Some firms also reported higher wage costs, which escalated overall expenses. “Yet, companies resumed their hiring efforts in April, as seen by the first increase in employment since last November. Firms that took on extra staff linked the rise to ongoing growth of new business.
War-induced inflation surge said to have forced RBI’s hand #GS3 #Economy
An unexpectedly rapid surge in ‘war-induced inflation’ in March and April forced the Reserve Bank of India’s (RBI) Monetary Policy Committee (MPC) to hold an emergency off-cycle meeting this week and announce the first repo rate increase in more than three-and-a-half years, people familiar with the central bank’s thinking said.
The inflation print for March, which was announced on April 12 four days after the MPC had concluded its first policy review of the new fiscal year, had ended up 50 basis points higher than the RBI’s forecast at almost 7% and with the reading for April expected to be even higher and a ‘big shocker’, it became imperative for the MPC to meet urgently to take timely action, the people, who spoke on the condition of anonymity, explained.

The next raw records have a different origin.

(* For any positive integer $T$, $x \in \{0,1\}^T$ and $p \in [0,1]^T$, $$\mathsf{smCE}(x,p) \le \left|\sum_{\alpha \in [0,1]} \Delta_\alpha\right| + \sum_{\alpha \in [0,1]} |\alpha - 1/2|\cdot|\Delta_\alpha|,$$ where $\Delta_\alpha = \sum_{t=1}^T (x_t - p_t)\mathbf{1}[p_t = \alpha]$.
   Context: $\mathsf{smCE}(x,p) = \sup_{f \in \mathcal{F}} \sum_{t=1}^T f(p_t)(x_t - p_t)$, where $\mathcal{F}$ is the family of $1$-Lipschitz functions from $[0,1]$ to $[-1,1]$. Sums over $\alpha \in [0,1]$ have only finitely many nonzero terms. *)

From mathcomp Require Import all_boot all_order all_algebra.
From mathcomp Require Import all_classical all_reals.
Set Implicit Arguments. Unset Strict Implicit. Unset Printing Implicit Defensive.
Import Order.TTheory GRing.Theory Num.Theory.
Local Open Scope classical_set_scope.
Local Open Scope ring_scope.

Definition lip1 (R : realType) (f : R -> R) : Prop :=
  (forall a, 0 <= a <= 1 -> -1 <= f a <= 1) /\
  (forall a b, 0 <= a <= 1 -> 0 <= b <= 1 -> `|f a - f b| <= `|a - b|).

Definition smCE (R : realType) (T : nat) (x p : 'I_T -> R) : R :=
  sup [set v : R | exists f : R -> R, lip1 f /\
         v = \sum_(t < T) f (p t) * (x t - p t)].

Definition Delta (R : realType) (T : nat) (x p : 'I_T -> R) (a : R) : R :=
  \sum_(t < T | p t == a) (x t - p t).

Definition unit_itv (R : realType) : set R := [set a : R | 0 <= a <= 1].

From mathcomp Require Import all_boot all_order all_algebra.
From mathcomp Require Import all_classical all_reals.
Import Order.TTheory GRing.Theory Num.Theory.
Local Open Scope classical_set_scope.
Local Open Scope ring_scope.

(* Grouping the terms of sum_t f(p_t)(x_t - p_t) by the value a = p_t turns it
   into sum_a f(a) Delta_a.  Splitting f(a) = f(c) + (f(a) - f(c)) at the centre
   c = 1/2, the constant part is at most |sum_a Delta_a| because |f| <= 1, and
   the remainder is at most sum_a |a - c| |Delta_a| because f is 1-Lipschitz. *)

Lemma sum_mul_fibres (I : finType) (K : eqType) (V : pzSemiRingType)
    (v : I -> K) (f : K -> V) (g : I -> V) :
  \sum_i f (v i) * g i = \sum_(a <- undup (codom v)) f a * \sum_(i | v i == a) g i.
Proof.
under [RHS]eq_bigr do rewrite mulr_sumr big_mkcond /=.
rewrite exchange_big /=; apply: eq_bigr => i _.
have vi_codom : v i \in undup (codom v) by rewrite mem_undup codom_f.
rewrite (bigD1_seq (v i)) ?undup_uniq //= eqxx big1 ?addr0 //.
by move=> a /negPf; rewrite eq_sym => ->.
Qed.

Section LipschitzPairing.
Variable R : realType.

Lemma lip1_cst0 : lip1 (fun _ : R => 0).
Proof.
split=> [a _|a b _ _]; first by rewrite lerN10 ler01.
by rewrite subrr normr0.
Qed.

Lemma lip1_sum_mul_le (f : R -> R) (c : R) (s : seq R) (d : R -> R) :
  lip1 f -> 0 <= c <= 1 -> {in s, forall a, 0 <= a <= 1} ->
  \sum_(a <- s) f a * d a <=
    `|\sum_(a <- s) d a| + \sum_(a <- s) `|a - c| * `|d a|.
Proof.
move=> [f_bound f_lip] c01 s01.
have -> : \sum_(a <- s) f a * d a =
    f c * \sum_(a <- s) d a + \sum_(a <- s) (f a - f c) * d a.
  by rewrite mulr_sumr -big_split /=; apply: eq_bigr => a _; rewrite mulrBl addrC subrK.
apply: lerD.
  apply: (le_trans (ler_norm _)); rewrite normrM ler_piMl //.
  by rewrite ler_norml f_bound.
rewrite big_seq [leRHS]big_seq; apply: ler_sum => a a_s.
apply: (le_trans (ler_norm _)); rewrite normrM ler_wpM2r //.
exact: f_lip (s01 a a_s) c01.
Qed.

End LipschitzPairing.

Section DeltaSupport.
Context {R : realType} {T : nat} {p : 'I_T -> R}.

Lemma Delta_eq0 (x : 'I_T -> R) a : a \notin codom p -> Delta x p a = 0.
Proof.
move=> a_notin; rewrite /Delta big1 // => t /eqP pt_a.
by move: a_notin; rewrite -pt_a codom_f.
Qed.

Hypothesis p01 : forall t, 0 <= p t <= 1.

Lemma fsum_unit_itv_values (F : R -> R) :
  (forall a, a \notin codom p -> F a = 0) ->
  \sum_(a \in @unit_itv R) F a = \sum_(a <- undup (codom p)) F a.
Proof.
move=> F0; rewrite [RHS]fsbig_seq ?undup_uniq //.
apply: esym; apply: fsbig_widen => a /=.
  by rewrite mem_undup => /codomP [t ->]; exact: p01.
by move=> [_]; rewrite mem_undup => /negP/F0.
Qed.

End DeltaSupport.

Theorem lemma6 (R : realType) (T : nat) (x p : 'I_T -> R) :
  (0 < T)%N ->
  (forall t, x t = 0 \/ x t = 1) ->
  (forall t, 0 <= p t <= 1) ->
  smCE x p <=
    `| \sum_(a \in @unit_itv R) Delta x p a |
    + \sum_(a \in @unit_itv R) `|a - 2^-1| * `|Delta x p a|.
Proof.
move=> _ _ p01.
rewrite !(fsum_unit_itv_values p01) => [|a /Delta_eq0 ->|a /Delta_eq0 ->];
  rewrite ?normr0 ?mulr0 //.
have half01 : 0 <= (2^-1 : R) <= 1.
  by rewrite invr_ge0 ler0n /= invf_le1 ?ler1n ?ltr0n.
apply: ge_sup.
  by exists 0, (fun=> 0); split; [exact: lip1_cst0 | rewrite big1 // => t _; rewrite mul0r].
move=> _ [f [lip_f ->]]; rewrite sum_mul_fibres.
apply: lip1_sum_mul_le => // a; rewrite mem_undup => /codomP [t ->]; exact: p01.
Qed.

Indonesia’s sudden decision to completely ban exports of palm oil had also added to the concern. Any further delay could have turned counterproductive as the Indian economy has no capacity to withstand a larger rate increase, say of 150-200 bps, they added.
With the RBI detecting signals that there could be a nasty inflation surprise on May 12 (when the April CPI data are expected to be released) it decided to space out its policy response, the people said. Going forward, the RBI aims to reverse its previous pandemic-triggered rate moves in small steps, much the same way it had reduced rates during the pandemic, they observed.